It was the first Disney animated film to receive a PG rating as well as the first Disney animated film to feature computer-generated imagery. The film was distributed theatrically through Buena Vista Distribution on July 24, 1985 to mixed reviews, with critics voicing disapproval of its dark nature and disjointed writing, though the animation, soundtrack, and voice acting were praised. Being the most expensive animated film ever made at the time, it was a box-office bomb, grossing just $21 million against a budget of $44 million, putting the future of Disney's animation department in jeopardy. Because of its commercial failure, Disney did not release the film on home media until 1998. It has since gained a cult following.

Plot 

In the land of Prydain, Taran, a teenage "assistant pig-keeper" on the small farm of Caer Dallben, home of Dallben the Enchanter, dreams of becoming a famous warrior. Dallben learns that the evil Horned King is searching for a mystical relic known as the Black Cauldron, which can create an invincible army of undead warriors: the "Cauldron-Born". Dallben fears that the Horned King might use his pig, Hen Wen, who has oracular powers, to locate the cauldron. Dallben directs Taran to take Hen Wen to safety; unfortunately, Taran's foolish daydreaming causes Hen Wen to be captured by Gwythaints, the Horned King's dragon-like creatures.

Taran follows them to the Horned King's castle and meets the pestering dog-like creature, Gurgi, who wants to be his friend. Frustrated by Gurgi's antics and cowardice, Taran leaves him. Taran sneaks into the castle and helps Hen Wen escape but is captured and thrown into the dungeon. Another captive named Princess Eilonwy frees him as she tries to escape. In the catacombs underneath the castle, Taran and Eilonwy discover the ancient burial chamber of a king. Taran arms himself with the king's sword which contains magic that allows him to effectively fight the Horned King's minions, thus fulfilling his dream. Along with a third prisoner, the comical middle-aged bard Fflewddur Fflam, they escape from the castle and are found by Gurgi. Upon learning that Taran has escaped, the Horned King orders his goblin and chief henchman, Creeper, to send the Gwythaints to follow and capture Taran along with his friends.
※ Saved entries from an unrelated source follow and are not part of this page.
(* Let $P$ and $\mathcal{R}$ be as below, $R\in\mathcal{R}$, and let $p$ be the point of $P\cap R$ with the largest $x$-coordinate. Then $\textsc{Piece}(R,p)$ consists of a single slab; that is, neither $\textsc{Upb}(R,p)$ nor $\textsc{Lpb}(R,p)$ exists, so $\textsc{Slab}(R,p)=\textsc{Piece}(R,p)$.
   Context: $P$ is a finite point set and $\mathcal{R}$ a finite family of non-piercing axis-parallel rectangles (for any $R_1,R_2$, $R_1\setminus R_2$ connected), in general position (distinct coordinates, no point on a rectangle boundary). For a rectangle $R'$ write $y_\pm(R')$ for the $y$-coordinates of its upper/lower sides. A set $S$ discretely pierces a rectangle $R'$ if $R'\setminus S$ has two components each containing a point of $P$. Let $\ell_p$ be the vertical line through $p$. $\textsc{Active}(p)$ is the set of rectangles of $\mathcal{R}$ discretely pierced by $\ell_p$ or containing $p$; $\textsc{Above}(p)=\{R'\in\textsc{Active}(p):y_-(R')>y(p)\}$, $\textsc{Below}(p)=\{R'\in\textsc{Active}(p):y_+(R')<y(p)\}$. $\textsc{Piece}(R,p)=R\cap\{x\le x(p)\}$. $\textsc{Upb}(R,p)$ is the rectangle of $\textsc{Above}(p)$ discretely pierced by $\textsc{Piece}(R,p)$ with smallest $y_+$, and $\textsc{Lpb}(R,p)$ the rectangle of $\textsc{Below}(p)$ discretely pierced by $\textsc{Piece}(R,p)$ with largest $y_-$, if such rectangles exist. The horizontal lines $y=y_+(\textsc{Upb}(R,p))$ and $y=y_-(\textsc{Lpb}(R,p))$ (when these exist) split $\textsc{Piece}(R,p)$ into at most three slabs; $\textsc{Slab}(R,p)$ is the one containing $p$. *)

From HB Require Import structures.
From mathcomp Require Import all_boot all_order all_algebra.
From mathcomp Require Import all_classical all_reals all_analysis.
Set Implicit Arguments. Unset Strict Implicit. Unset Printing Implicit Defensive.
Import Order.TTheory GRing.Theory Num.Theory.
Import numFieldNormedType.Exports.
Local Open Scope classical_set_scope.
Local Open Scope ring_scope.

Definition rect (R : realType) := ((R * R) * (R * R))%type.
Definition xl (R : realType) (Q : rect R) : R := Q.1.1.
Definition xr (R : realType) (Q : rect R) : R := Q.1.2.
Definition yl (R : realType) (Q : rect R) : R := Q.2.1.
Definition yr (R : realType) (Q : rect R) : R := Q.2.2.

Section Defs.
Variable R : realType.
Notation pt := (R * R)%type.

Definition rect_set (Q : rect R) : set pt :=
  [set z | xl Q <= z.1 <= xr Q /\ yl Q <= z.2 <= yr Q].

Definition yplus (Q : rect R) := yr Q.
Definition yminus (Q : rect R) := yl Q.

Definition non_piercing (F : seq (rect R)) : Prop :=
  forall Q1 Q2, Q1 \in F -> Q2 \in F -> connected (rect_set Q1 `\` rect_set Q2).

Definition general_position (P : seq pt) (F : seq (rect R)) : Prop :=
  [/\ forall Q, Q \in F -> xl Q < xr Q /\ yl Q < yr Q,
      forall p q, p \in P -> q \in P -> p != q -> p.1 != q.1 /\ p.2 != q.2,
      forall p Q, p \in P -> Q \in F ->
        [/\ p.1 != xl Q, p.1 != xr Q, p.2 != yl Q & p.2 != yr Q]
    & forall Q1 Q2, Q1 \in F -> Q2 \in F -> Q1 != Q2 ->
        [/\ xl Q1 \notin [:: xl Q2; xr Q2], xr Q1 \notin [:: xl Q2; xr Q2],
            yl Q1 \notin [:: yl Q2; yr Q2] & yr Q1 \notin [:: yl Q2; yr Q2]]].

Definition dpierces (P : seq pt) (S : set pt) (Q' : rect R) : Prop :=
  let A := rect_set Q' `\` S in
  exists q1 q2, [/\ q1 \in P, q2 \in P, A q1, A q2 &
   (connected_component A q1 != connected_component A q2 /\
    forall z, A z -> connected_component A z = connected_component A q1 \/
                     connected_component A z = connected_component A q2)].

Definition vline (p : pt) : set pt := [set z | z.1 = p.1].

Definition Active (P : seq pt) (F : seq (rect R)) (p : pt) (Q' : rect R) : Prop :=
  Q' \in F /\ (dpierces P (vline p) Q' \/ rect_set Q' p).

Definition Above P F p Q' := Active P F p Q' /\ yminus Q' > p.2.
Definition Below P F p Q' := Active P F p Q' /\ yplus Q' < p.2.

Definition Piece (Q : rect R) (p : pt) : set pt :=
  rect_set Q `&` [set z | z.1 <= p.1].

(* Upb(Q,p) exists iff some rectangle of Above(p) is discretely pierced by
   Piece(Q,p) (it is then the one with smallest y_+); similarly for Lpb. *)
Definition Upb_exists P F Q p :=
  exists Q', Above P F p Q' /\ dpierces P (Piece Q p) Q'.
Definition Lpb_exists P F Q p :=
  exists Q', Below P F p Q' /\ dpierces P (Piece Q p) Q'.

End Defs.

From HB Require Import structures.
From mathcomp Require Import all_boot all_order all_algebra.
From mathcomp Require Import all_classical all_reals all_analysis.
Import Order.TTheory GRing.Theory Num.Theory.
Import numFieldNormedType.Exports.
Local Open Scope classical_set_scope.
Local Open Scope ring_scope.

(* Since p is the rightmost point of P in R, a point of P that lies in R' but
   not in Piece(R,p) also avoids R.  So all such points lie in R' \ R, which is
   connected by non-piercing and contained in R' \ Piece(R,p); hence they fall
   into a single component of R' \ Piece(R,p), and Piece(R,p) discretely
   pierces no rectangle of the family. *)

Section NoDiscretePiercing.
Variable R : realType.
Implicit Types (P : seq (R * R)) (F : seq (rect R)) (Q : rect R) (p : R * R).

Lemma connected_cover_not_dpierces P (S C : set (R * R)) Q' :
  connected C -> C `<=` rect_set Q' `\` S ->
  (forall q, q \in P -> (rect_set Q' `\` S) q -> C q) ->
  ~ dpierces P S Q'.
Proof.
move=> Cconn CA PC [q1 [q2 [Pq1 Pq2 Aq1 Aq2 [neq_comp _]]]].
have q1_comp := connected_component_max (PC _ Pq1 Aq1) CA Cconn.
move/eqP: neq_comp; apply; apply: same_connected_component.
exact/q1_comp/PC.
Qed.

Lemma rightmost_rect_sub_Piece P Q p q :
  (forall q, q \in P -> rect_set Q q -> q.1 <= p.1) ->
  q \in P -> rect_set Q q -> Piece Q p q.
Proof. by move=> rightmost Pq Qq; split => //; exact: rightmost. Qed.

Lemma Piece_not_dpierces P F Q Q' p :
  non_piercing F -> Q \in F -> Q' \in F ->
  (forall q, q \in P -> rect_set Q q -> q.1 <= p.1) ->
  ~ dpierces P (Piece Q p) Q'.
Proof.
move=> np QF Q'F rightmost.
apply: (@connected_cover_not_dpierces P _ (rect_set Q' `\` rect_set Q)).
- exact: np.
- by move=> z [Q'z notQz]; split => // -[].
- move=> q Pq [Q'q notPiece]; split => // Qq.
  by apply: notPiece; exact: rightmost_rect_sub_Piece rightmost Pq Qq.
Qed.

End NoDiscretePiercing.

Theorem lemma7 (R : realType) (P : seq (R * R)%type) (F : seq (rect R))
  (Q : rect R) (p : (R * R)%type) :
  non_piercing F -> general_position P F ->
  Q \in F -> p \in P -> rect_set Q p ->
  (forall q, q \in P -> rect_set Q q -> q.1 <= p.1) ->
  ~ Upb_exists P F Q p /\ ~ Lpb_exists P F Q p.
Proof.
move=> np _ QF _ _ rightmost.
have no_dpierce Q' : Q' \in F -> ~ dpierces P (Piece Q p) Q'.
  by move=> Q'F; exact: Piece_not_dpierces np QF Q'F rightmost.
by split; move=> [Q' [[[Q'F _] _] dp]]; exact: no_dpierce Q'F dp.
Qed.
Following Hen Wen's trail, the four companions stumble into the underground kingdom of the Fair Folk who have Hen Wen under their protection. When the kindly King Eidilleg reveals the cauldron's location, Taran decides to destroy it. Eilonwy, Gurgi and Fflewddur agree to join him and Eidilleg's obnoxious right-hand man Doli is assigned to lead them to the Marshes of Morva while the Fair Folk escort Hen Wen back to Caer Dallben. At Morva, they learn the cauldron is held by three witches—the crafty leader Orddu, the greedy Orgoch, and the more benevolent Orwen (who falls in love with Fflewddur at first sight). Orddu agrees to trade the cauldron for Taran's sword and he reluctantly agrees, knowing that it will cost his chance for heroism. Before vanishing, the witches reveal the cauldron is indestructible, and its power can only be broken when someone willingly climbs into it, which will kill them. Doli angrily abandons the group. Although Taran feels foolish for trading the sword for nothing, his companions show their belief in him. Eilonwy and Taran almost kiss as Fflewddur and Gurgi happily watch. Suddenly they are found by the Horned King's minions who had followed them. Gurgi runs away before they take the cauldron and the three companions back to the castle. The Horned King uses the cauldron to raise the dead and his Cauldron-born army begins to pour out into the world while holding the trio prisoners in view of the cauldron.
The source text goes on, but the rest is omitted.